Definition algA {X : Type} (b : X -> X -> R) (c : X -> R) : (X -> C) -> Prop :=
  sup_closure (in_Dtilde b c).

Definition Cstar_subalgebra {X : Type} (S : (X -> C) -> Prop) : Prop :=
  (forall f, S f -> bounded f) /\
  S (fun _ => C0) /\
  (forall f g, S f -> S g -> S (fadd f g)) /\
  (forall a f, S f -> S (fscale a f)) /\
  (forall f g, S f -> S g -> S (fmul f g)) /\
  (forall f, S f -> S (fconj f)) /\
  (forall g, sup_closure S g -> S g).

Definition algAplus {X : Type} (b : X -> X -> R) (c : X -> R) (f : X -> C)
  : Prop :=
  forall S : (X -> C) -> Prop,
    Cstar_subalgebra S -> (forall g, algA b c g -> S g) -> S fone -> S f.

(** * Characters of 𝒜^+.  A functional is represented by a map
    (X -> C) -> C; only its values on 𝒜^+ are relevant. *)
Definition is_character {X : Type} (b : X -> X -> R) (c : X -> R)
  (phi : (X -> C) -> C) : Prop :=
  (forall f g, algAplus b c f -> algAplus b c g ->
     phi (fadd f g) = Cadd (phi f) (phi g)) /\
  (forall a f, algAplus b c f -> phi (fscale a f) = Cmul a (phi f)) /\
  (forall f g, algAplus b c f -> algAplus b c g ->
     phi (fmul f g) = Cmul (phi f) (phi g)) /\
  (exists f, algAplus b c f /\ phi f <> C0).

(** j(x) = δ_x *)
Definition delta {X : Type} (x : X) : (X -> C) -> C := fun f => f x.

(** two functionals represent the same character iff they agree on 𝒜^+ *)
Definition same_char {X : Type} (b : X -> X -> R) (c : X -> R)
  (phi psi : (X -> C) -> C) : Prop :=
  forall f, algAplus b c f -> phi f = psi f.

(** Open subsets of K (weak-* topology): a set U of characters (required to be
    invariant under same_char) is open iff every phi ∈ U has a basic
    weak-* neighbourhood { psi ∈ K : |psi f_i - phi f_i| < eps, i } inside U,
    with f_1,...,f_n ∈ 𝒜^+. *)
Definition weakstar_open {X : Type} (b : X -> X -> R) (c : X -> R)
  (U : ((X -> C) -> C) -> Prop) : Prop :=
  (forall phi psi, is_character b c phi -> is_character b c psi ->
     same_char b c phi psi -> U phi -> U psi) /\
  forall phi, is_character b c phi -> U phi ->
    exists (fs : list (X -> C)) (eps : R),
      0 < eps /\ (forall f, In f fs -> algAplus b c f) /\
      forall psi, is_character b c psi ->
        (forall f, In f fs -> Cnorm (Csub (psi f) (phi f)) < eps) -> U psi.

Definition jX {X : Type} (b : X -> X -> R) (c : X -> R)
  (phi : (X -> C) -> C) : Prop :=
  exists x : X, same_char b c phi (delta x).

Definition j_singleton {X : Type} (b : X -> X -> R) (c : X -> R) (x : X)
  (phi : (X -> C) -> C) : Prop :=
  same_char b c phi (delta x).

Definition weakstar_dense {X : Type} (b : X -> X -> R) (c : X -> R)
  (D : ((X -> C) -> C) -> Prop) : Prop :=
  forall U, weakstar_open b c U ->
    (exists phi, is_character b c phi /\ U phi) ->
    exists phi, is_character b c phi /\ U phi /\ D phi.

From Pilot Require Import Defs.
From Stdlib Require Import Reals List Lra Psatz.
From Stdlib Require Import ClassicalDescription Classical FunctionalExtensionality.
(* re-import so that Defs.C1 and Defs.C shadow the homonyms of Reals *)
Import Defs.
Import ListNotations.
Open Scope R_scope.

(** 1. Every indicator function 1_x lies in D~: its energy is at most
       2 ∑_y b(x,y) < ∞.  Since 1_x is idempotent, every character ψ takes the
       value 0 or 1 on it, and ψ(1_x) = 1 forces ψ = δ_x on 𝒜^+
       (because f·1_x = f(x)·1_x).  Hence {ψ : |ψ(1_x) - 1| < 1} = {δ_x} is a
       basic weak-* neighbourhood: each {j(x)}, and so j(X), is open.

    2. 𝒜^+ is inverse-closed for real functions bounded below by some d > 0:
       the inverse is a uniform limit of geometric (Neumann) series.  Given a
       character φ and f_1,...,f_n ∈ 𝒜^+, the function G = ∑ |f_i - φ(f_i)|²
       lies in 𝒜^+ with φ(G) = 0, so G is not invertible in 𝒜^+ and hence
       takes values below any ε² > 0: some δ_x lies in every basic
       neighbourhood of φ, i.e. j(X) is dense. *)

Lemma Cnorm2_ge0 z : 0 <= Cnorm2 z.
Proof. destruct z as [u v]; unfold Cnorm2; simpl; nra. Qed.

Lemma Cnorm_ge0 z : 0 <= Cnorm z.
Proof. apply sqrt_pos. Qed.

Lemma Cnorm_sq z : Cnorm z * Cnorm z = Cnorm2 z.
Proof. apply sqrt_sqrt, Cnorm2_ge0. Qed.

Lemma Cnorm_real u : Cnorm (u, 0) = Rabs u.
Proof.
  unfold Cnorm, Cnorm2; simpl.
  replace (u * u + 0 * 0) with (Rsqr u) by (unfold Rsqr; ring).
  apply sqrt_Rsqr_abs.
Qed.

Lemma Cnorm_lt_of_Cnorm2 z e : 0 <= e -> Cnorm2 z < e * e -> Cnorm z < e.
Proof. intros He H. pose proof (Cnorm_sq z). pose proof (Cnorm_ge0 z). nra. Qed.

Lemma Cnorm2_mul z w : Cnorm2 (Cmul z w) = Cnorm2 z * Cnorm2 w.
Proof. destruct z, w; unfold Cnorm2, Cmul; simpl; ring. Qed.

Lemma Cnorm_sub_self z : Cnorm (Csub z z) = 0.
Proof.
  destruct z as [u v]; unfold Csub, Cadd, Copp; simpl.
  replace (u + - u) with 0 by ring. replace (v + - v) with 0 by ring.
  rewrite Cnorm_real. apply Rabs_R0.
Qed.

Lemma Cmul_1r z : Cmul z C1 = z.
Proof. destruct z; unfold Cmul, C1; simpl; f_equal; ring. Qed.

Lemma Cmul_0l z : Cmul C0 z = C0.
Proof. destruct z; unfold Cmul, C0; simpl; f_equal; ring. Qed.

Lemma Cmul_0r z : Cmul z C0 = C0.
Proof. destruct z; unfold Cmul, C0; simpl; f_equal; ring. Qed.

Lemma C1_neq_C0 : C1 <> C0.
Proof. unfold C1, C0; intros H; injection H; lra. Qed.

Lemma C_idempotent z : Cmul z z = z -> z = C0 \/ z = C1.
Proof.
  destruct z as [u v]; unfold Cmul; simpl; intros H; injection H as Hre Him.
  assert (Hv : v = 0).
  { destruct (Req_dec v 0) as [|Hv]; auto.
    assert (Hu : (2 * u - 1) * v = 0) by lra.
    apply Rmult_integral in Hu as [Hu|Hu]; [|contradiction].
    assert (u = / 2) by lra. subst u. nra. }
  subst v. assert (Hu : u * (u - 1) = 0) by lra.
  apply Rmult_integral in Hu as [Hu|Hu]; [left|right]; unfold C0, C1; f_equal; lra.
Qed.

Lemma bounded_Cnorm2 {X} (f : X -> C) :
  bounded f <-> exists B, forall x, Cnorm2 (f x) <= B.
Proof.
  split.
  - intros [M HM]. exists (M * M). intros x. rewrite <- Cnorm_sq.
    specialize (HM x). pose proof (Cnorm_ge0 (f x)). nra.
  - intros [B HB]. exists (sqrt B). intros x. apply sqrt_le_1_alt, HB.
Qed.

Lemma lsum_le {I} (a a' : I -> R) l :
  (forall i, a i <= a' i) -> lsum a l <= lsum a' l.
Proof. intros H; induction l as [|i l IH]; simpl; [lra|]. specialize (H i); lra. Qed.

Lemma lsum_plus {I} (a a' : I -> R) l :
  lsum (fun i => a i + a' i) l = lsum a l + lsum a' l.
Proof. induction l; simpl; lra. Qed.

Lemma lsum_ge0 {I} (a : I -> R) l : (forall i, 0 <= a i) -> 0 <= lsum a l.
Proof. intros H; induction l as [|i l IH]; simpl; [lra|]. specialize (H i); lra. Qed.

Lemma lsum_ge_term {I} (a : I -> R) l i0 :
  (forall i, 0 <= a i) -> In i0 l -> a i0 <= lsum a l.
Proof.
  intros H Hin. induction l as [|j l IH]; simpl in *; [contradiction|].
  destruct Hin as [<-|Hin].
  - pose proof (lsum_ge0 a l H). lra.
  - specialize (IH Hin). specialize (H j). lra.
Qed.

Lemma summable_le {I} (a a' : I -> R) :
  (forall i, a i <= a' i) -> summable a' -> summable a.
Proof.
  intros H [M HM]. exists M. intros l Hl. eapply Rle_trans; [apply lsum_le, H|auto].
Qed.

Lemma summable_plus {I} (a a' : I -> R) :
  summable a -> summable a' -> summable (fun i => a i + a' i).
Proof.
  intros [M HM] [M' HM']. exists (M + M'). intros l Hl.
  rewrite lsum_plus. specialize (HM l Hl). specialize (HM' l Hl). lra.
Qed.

Exercise details
Take the entries above and return only the lines from the one with "intros H [M" to the one with "intros [M HM] [M'", both included, unchanged.

Output
  intros H [M HM]. exists M. intros l Hl. eapply Rle_trans; [apply lsum_le, H|auto].
Qed.

Lemma summable_plus {I} (a a' : I -> R) :
  summable a -> summable a' -> summable (fun i => a i + a' i).
Proof.
  intros [M HM] [M' HM']. exists (M + M'). intros l Hl.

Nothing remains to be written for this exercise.